■ EXERCISE OBJECTIVE: Among the lines of the records, find all that carry the word "mathcomp" and copy them.

■ EXERCISE DATA:
(* Let $M=B\circ S$, $x,x'\in\mathbb X$, and let $A_1,\dots,A_I$ and $E_1,\dots,E_J$ be partitions of $\mathbb Y$ with $\Pr[S(x)\in A_i]>0$, $\Pr[S(x')\in E_j]>0$ for all $i,j$. Write $s_1,\dots,s_{I+J}$ for the conditional pmfs $s_x(\cdot\mid A_1),\dots,s_x(\cdot\mid A_I),s_{x'}(\cdot\mid E_1),\dots,s_{x'}(\cdot\mid E_J)$ and let $\mathbb G$ be the set of all couplings between them. If $\gamma^*\in\mathbb G$ is $d_{\mathbb Y}$-compatible, then for every $\alpha$ (with $\alpha>1$), $$\gamma^*\in\arg\min_{\gamma\in\mathbb G}\sum_{(\mathbf y^{(1)},\mathbf y^{(2)})\in\mathbb Y^{I+J}}\hat c_\alpha(\mathbf y^{(1)},\mathbf y^{(2)})\,\gamma(\mathbf y^{(1)},\mathbf y^{(2)}),$$ where $\hat c_\alpha$ is the cost upper bound defined in the context.
   Context: Setting: finite $\mathbb A$, $\mathbb X\subseteq\mathcal P(\mathbb A)$, finite batch space $\mathbb Y$ with a symmetric neighboring relation $\simeq_{\mathbb Y}$ and induced distance $d_{\mathbb Y}$ (length of the shortest chain of neighbors; $0$ from $y$ to itself). $S$ assigns to each dataset $x$ a pmf $s_x$ on $\mathbb Y$, $B$ assigns to each batch $y$ a density $b_y$ on $\mathbb R^D$, $m_x=\sum_y b_y s_x(y)$. $H_\alpha(p\|q)=\int\max\{p-\alpha q,0\}$, $\Lambda_\alpha(p\|q)=\int p^\alpha q^{1-\alpha}$; $\Psi_\alpha$ is either. Cost: $c_\alpha(\mathbf y^{(1)},\mathbf y^{(2)})=\Psi_\alpha(\sum_i b_{y^{(1)}_i}\Pr[S(x)\in A_i]\|\sum_j b_{y^{(2)}_j}\Pr[S(x')\in E_j])$ and $\hat c_\alpha(\mathbf y^{(1)},\mathbf y^{(2)})$ is the maximum of $c_\alpha(\hat{\mathbf y}^{(1)},\hat{\mathbf y}^{(2)})$ over $\hat{\mathbf y}^{(1)}\in\mathbb Y^I,\hat{\mathbf y}^{(2)}\in\mathbb Y^J$ with $d_{\mathbb Y}(\hat y^{(k)}_t,\hat y^{(l)}_u)\le d_{\mathbb Y}(y^{(k)}_t,y^{(l)}_u)$ for all $k,l,t,u$. For a pmf $p$, $\mathrm{supp}(p)=\{y:p(y)>0\}$; $d_{\mathbb Y}(y,\mathrm{supp}(p))=\min_{y'\in\mathrm{supp}(p)}d_{\mathbb Y}(y,y')$ and $d_{\mathbb Y}(\mathrm{supp}(p_1),\mathrm{supp}(p_2))=\min_{y_1\in\mathrm{supp}(p_1),y_2\in\mathrm{supp}(p_2)}d_{\mathbb Y}(y_1,y_2)$. A coupling $\gamma$ of pmfs $p_1,\dots,p_N$ (indexing the tuple as $\mathbf y=(y_1,\dots,y_N)$) is $d_{\mathbb Y}$-compatible if $\gamma(\mathbf y)>0$ implies both $d_{\mathbb Y}(y_1,y_u)=d_{\mathbb Y}(y_1,\mathrm{supp}(p_u))$ for all $u>1$ and $d_{\mathbb Y}(y_t,y_u)=d_{\mathbb Y}(\mathrm{supp}(p_t),\mathrm{supp}(p_u))$ for all $u>t>1$. *)

From HB Require Import structures.
From mathcomp Require Import all_boot all_order all_algebra.
From mathcomp Require Import all_classical all_reals all_analysis.
Set Implicit Arguments. Unset Strict Implicit. Unset Printing Implicit Defensive.
Import Order.TTheory GRing.Theory Num.Theory.
Local Open Scope ring_scope.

■ YOUR RESPONSE:
From mathcomp Require Import all_boot all_order all_algebra.
From mathcomp Require Import all_classical all_reals all_analysis.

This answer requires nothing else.